Once configured, the plugin automatically performs the following tasks during each conversation through TUI or any connected messaging channel:

  • Extraction: After the agent_end hook fires, the plugin sends conversations containing persistable user information (dietary preferences, coding habits, project backgrounds, address changes) to the AnalyticDB for PostgreSQL long-term memory service. The server-side LLM extracts structured facts and vectorizes them into the database.

  • Recall: When the before_prompt_build hook fires at the start of each turn, the plugin queries the long-term memory service with the current user input. Matched memories are injected into the agent's system prompt, giving the agent cross-session memory so users do not need to repeat background information.

Search memories

openclaw mem0 search "Hangzhou"

This command returns memory entries that are semantically related to the search term. It is commonly used to check whether a write operation has taken effect or to debug the retrieval.

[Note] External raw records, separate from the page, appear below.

Lemma incexc_max_proper_divs x :
  incexc x (proper_divs S x) = incexc x (max_proper_divs S x).
Proof.
set D := proper_divs S x; set p := fun y => all (fun z => (y %| z) ==> (y == z)) D.
have pD : perm_eq D ([seq y <- D | ~~ p y] ++ [seq y <- D | p y]).
  by rewrite perm_sym perm_catC perm_filterC.
rewrite (perm_incexc x pD) incexc_cat_dvd //.
apply/allP => d; rewrite mem_filter => /andP[_ dD].
by have [y yM dy] := max_proper_divs_above dD; apply/hasP; exists y.
Qed.

Lemma max_proper_divs_sub x : {subset max_proper_divs S x <= S}.
Proof. by move=> y; rewrite !mem_filter => /andP[_ /andP[]]. Qed.

Lemma max_proper_divs_proper x :
  {in max_proper_divs S x, forall y, (y %| x) && (y != x)}.
Proof. by move=> y; rewrite !mem_filter => /andP[_ /andP[/andP[-> ->]]]. Qed.

Lemma max_proper_divs_anti x :
  {in max_proper_divs S x &, forall y z, y %| z -> y = z}.
Proof.
move=> y z; rewrite mem_filter => /andP[/allP yMax _].
by rewrite mem_filter => /andP[_ zD] yz; apply/eqP; move: (yMax _ zD); rewrite yz.
Qed.

Lemma closure_max_proper_divs_sub x :
  x \in S -> {subset closure x (max_proper_divs S x) <= S}.
Proof. by move=> xS; apply: closure_sub xS (@max_proper_divs_sub x). Qed.

Lemma size_closure_max_proper_divs x :
  x \in S -> size (closure x (max_proper_divs S x)) <= size S.
Proof.
move=> xS; apply: uniq_leq_size (closure_uniq _ _) _.
exact: closure_max_proper_divs_sub.
Qed.

Lemma psi_eq0 x : size S <= 8 -> x \in S -> psi S x = 0%R ->
  size (max_proper_divs S x) = 3 /\ 7 < size (closure x (max_proper_divs S x)).
Proof.
move=> sS xS; rewrite psi_incexc // incexc_max_proper_divs.
have := max_proper_divs_proper (x := x); have := max_proper_divs_anti (x := x).
have := size_closure_max_proper_divs xS; have : uniq (max_proper_divs S x).
  by rewrite !filter_uniq.
set Y := max_proper_divs S x => uY sC aY pY incexc0.
have x_gt0 : 0 < x by apply: (allP S_pos).
have [sY1|sY1] := leqP (size Y) 1.
  move: incexc0 pY; case: (Y) sY1 => [|y [|]] //= _.
    by move/eqP; rewrite invr_eq0 pnatr_eq0 eqn0Ngt x_gt0.
  move=> /eqP; rewrite subr_eq0 => /eqP /invr_inj /eqP; rewrite eqr_nat => /eqP xy.
  by move/(_ y (mem_head _ _)) => /andP[yx]; rewrite xy (gcdn_idPr yx) eqxx.
have pos := incexc_gt0 x_gt0 uY pY aY sY1; rewrite incexc0 ltxx in pos.
have [sY3|sY3] := eqVneq (size Y) 3.
  split=> //; rewrite ltnNge; apply/negP => sC7.
  by suff: false by []; apply: pos; rewrite sY3.
suff: false by []; apply: pos => sY2; rewrite (leq_trans sC) //; apply: leq_trans sS _.
by case: (size Y) sY2 sY3 => [|[|[|[|k]]]] // _ _; rewrite addnC.
Qed.

End Psi.

Section Cube.

Variables (x : nat) (Y : seq nat).
Hypothesis x_gt0 : 0 < x.

Definition cube_meet (A : {set 'I_3}) : nat :=
  gcdn x (\big[gcdn/0]_(i | i \notin A) nth 0 Y i).

Lemma dvdn_cube_meetP u (A : {set 'I_3}) :
  reflect (u %| x /\ forall i, i \notin A -> u %| nth 0 Y i) (u %| cube_meet A).
Proof.
rewrite /cube_meet dvdn_gcd; apply: (iffP andP) => -[-> h]; split=> //.
  exact/dvdn_biggcdP.
exact/dvdn_biggcdP.
Qed.

Lemma cube_meet_setI (A B : {set 'I_3}) :
  cube_meet (A :&: B) = gcdn (cube_meet A) (cube_meet B).
Proof.
have dvdE u :
    (u %| cube_meet (A :&: B)) = (u %| gcdn (cube_meet A) (cube_meet B)).
  rewrite dvdn_gcd; apply/dvdn_cube_meetP/andP => [[ux h]|].
    split; apply/dvdn_cube_meetP; split=> // i iN; apply: h.
      by rewrite inE negb_and iN.
    by rewrite inE negb_and iN orbT.
  case=> /dvdn_cube_meetP[ux hA] /dvdn_cube_meetP[_ hB].
  by split=> // i; rewrite inE negb_and => /orP[/hA|/hB].
by apply/eqP; rewrite eqn_dvd -dvdE dvdnn dvdE dvdnn.
Qed.

Hypothesis size_Y : size Y = 3.

Lemma cube_meet_closed (A : {set 'I_3}) : hull_closed x Y (cube_meet A).
Proof.
have /dvdn_cube_meetP[hx hY] := dvdnn (cube_meet A).
apply/hull_closedP; split=> // u ux h; apply/dvdn_cube_meetP; split=> // i iA.
by apply: h (hY _ iA); rewrite mem_nth ?size_Y.
Qed.

Lemma hull_closed_cube_meet t :
  hull_closed x Y t -> t = cube_meet [set i : 'I_3 | ~~ (t %| nth 0 Y i)].
Proof.
set A := [set i : 'I_3 | _]; case/hull_closedP => tx cl.
apply/eqP; rewrite eqn_dvd; apply/andP; split.
  by apply/dvdn_cube_meetP; split=> // i; rewrite inE negbK.
have /dvdn_cube_meetP[hx hY] := dvdnn (cube_meet A).
apply: cl => // y yY ty; have iY : index y Y < 3 by rewrite -size_Y index_mem.
by have := hY (Ordinal iY); rewrite inE negbK /= nth_index //; apply.
Qed.

Lemma cube_meet_inj : 7 < size (closure x Y) -> injective cube_meet.
Proof.
move=> sC; apply/injectiveP/negPn; rewrite -ltn_size_undup -leqNgt.
have -> : size [seq cube_meet A | A <- enum {set 'I_3}] = 8.
  by rewrite size_map -cardE -cardsT -powersetT card_powerset cardsT card_ord.
apply: leq_trans sC (uniq_leq_size (closure_uniq x Y) _) => t.
rewrite mem_closure // mem_undup => /hull_closed_cube_meet ->.
by apply: map_f; rewrite mem_enum.
Qed.

Hypothesis cube_meet_injective : injective cube_meet.

Lemma dvdn_cube_meet (A B : {set 'I_3}) :
  (cube_meet A %| cube_meet B) = (A \subset B).
Proof.
apply/idP/idP => [dvdAB|/subsetP AB].
  by apply/setIidPl/cube_meet_injective; rewrite cube_meet_setI; apply/gcdn_idPl.
have /dvdn_cube_meetP[hx hY] := dvdnn (cube_meet A).
by apply/dvdn_cube_meetP; split=> // i iB; apply: hY; apply: contra iB; apply: AB.
Qed.

Lemma cube_meet_dvdn_nth (A : {set 'I_3}) (i : 'I_3) :
  (cube_meet A %| nth 0 Y i) = (i \notin A).
Proof.
have /dvdn_cube_meetP[hx hY] := dvdnn (cube_meet A).
apply/idP/idP => [dvd_i|/hY //]; apply: contraT => /negbNE iA.
have : cube_meet A %| cube_meet (A :\ i).
  apply/dvdn_cube_meetP; split=> // j.
  by rewrite in_setD1 negb_and negbK => /orP[/eqP->|/hY].
by rewrite dvdn_cube_meet => /subsetP/(_ i iA); rewrite setD11.
Qed.

End Cube.

Lemma iso_to_cube_of_closure S x Y :
  uniq S -> size S = 8 -> 0 < x -> size Y = 3 ->
  {subset closure x Y <= S} -> 7 < size (closure x Y) -> iso_to_cube S.
Proof.
move=> uS sS x_gt0 sY CS sC; have inj := cube_meet_inj x_gt0 sY sC.
have sSC : size S <= size (closure x Y) by rewrite sS.
have [_ CeqS] := uniq_min_size (closure_uniq x Y) CS sSC.
pose f t := [set i : 'I_3 | ~~ (t %| nth 0 Y i)].
have fK A : f (cube_meet x Y A) = A.
  by apply/setP => i; rewrite inE cube_meet_dvdn_nth ?negbK.
have S_meet t : t \in S -> t = cube_meet x Y (f t).
  by rewrite -CeqS mem_closure // => /hull_closed_cube_meet; apply.
exists f; split; [|split].
- by move=> t u /S_meet tE /S_meet uE ftu; rewrite tE uE ftu.
- move=> A; exists (cube_meet x Y A) => //.
  by rewrite -CeqS mem_closure // cube_meet_closed.
- move=> t u /S_meet tE /S_meet uE.
  by rewrite {1}tE {1}uE dvdn_cube_meet.
Qed.

Theorem theorem4p4 :
  (forall S : seq nat,
      uniq S -> all (fun x => 0 < x) S -> gcd_closed S -> size S <= 7 ->
      lcm_matrix S \in unitmx) /\
  (forall S : seq nat,
      uniq S -> all (fun x => 0 < x) S -> gcd_closed S -> size S = 8 ->
      lcm_matrix S \notin unitmx -> iso_to_cube S).
Proof.
split=> S uS pS gS sS.
  apply: lcm_matrix_unit => // x xS; apply/eqP => psi0.
  have [_] := psi_eq0 uS pS gS (leqW sS) xS psi0.
  by rewrite ltnNge (leq_trans (size_closure_max_proper_divs gS xS) sS).
move=> notU.
have /allPn[x xS /negPn/eqP psi0] : ~~ all (fun a => psi S a != 0%R) S.
  by apply: contra notU => /allP; apply: lcm_matrix_unit.
have [sY sC] := psi_eq0 uS pS gS (eq_leq sS) xS psi0.
apply: iso_to_cube_of_closure uS sS (allP pS _ xS) sY _ sC.
exact: closure_max_proper_divs_sub.
Qed.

The retrieval uses vector similarity. The query term and the matched entries do not need to share any common words. For example, a query for accommodation preference can match memories such as prefers staying in B&Bs.

Agent tools

In addition to automatic hooks, the plugin registers the following tools that the agent can invoke explicitly during reasoning:

Tool

Description

memory_search

Searches for memories by using natural language queries. The scope parameter is supported and can be set to session, long-term, or all.

memory_add

Explicitly stores a fact.

memory_get

Retrieves a single memory by ID.

memory_list

Lists all memories of the current user or agent.

memory_update

Updates the text content of an existing memory.

memory_delete

Deletes a single memory or deletes memories in batches.

CLI reference

# Health check
openclaw mem0 status

# Memory operations
openclaw mem0 add "..."           --user-id <uid>
openclaw mem0 search "..."        --user-id <uid>
openclaw mem0 search "..."        --user-id <uid> --scope long-term
openclaw mem0 list                --user-id <uid>
openclaw mem0 get <memory_id>
openclaw mem0 update <memory_id> "..."
openclaw mem0 delete <memory_id>
openclaw mem0 delete --all        --user-id <uid> --confirm

# Multi-agent scenarios
openclaw mem0 search "..."        --user-id <uid> --agent <agent-name>
openclaw mem0 list                --user-id <uid> --agent <agent-name>

FAQ

  • Q: Why does a search immediately after storing return no results?

    A: The server uses asynchronous processing. The store operation only enqueues the task. Fact extraction and vectorization are completed in the background, which typically takes a few seconds. Wait for a short period after storing before you search.

  • Q: Can I enable multiple agents in OpenClaw with independent memories for each agent?

    A: Yes. In multi-agent scenarios, the plugin automatically routes the memories of different agents to independent namespaces (&lt;userId&gt;:agent:&lt;agentName&gt;) based on session_key. No additional configuration is required.

  • Q: How do I disable automatic memory and manage memories only through tool calls?

    A: Set autoRecall and autoCapture to false in the plugin configuration. The agent can still use memory_search, memory_add, and other tools to manage memories.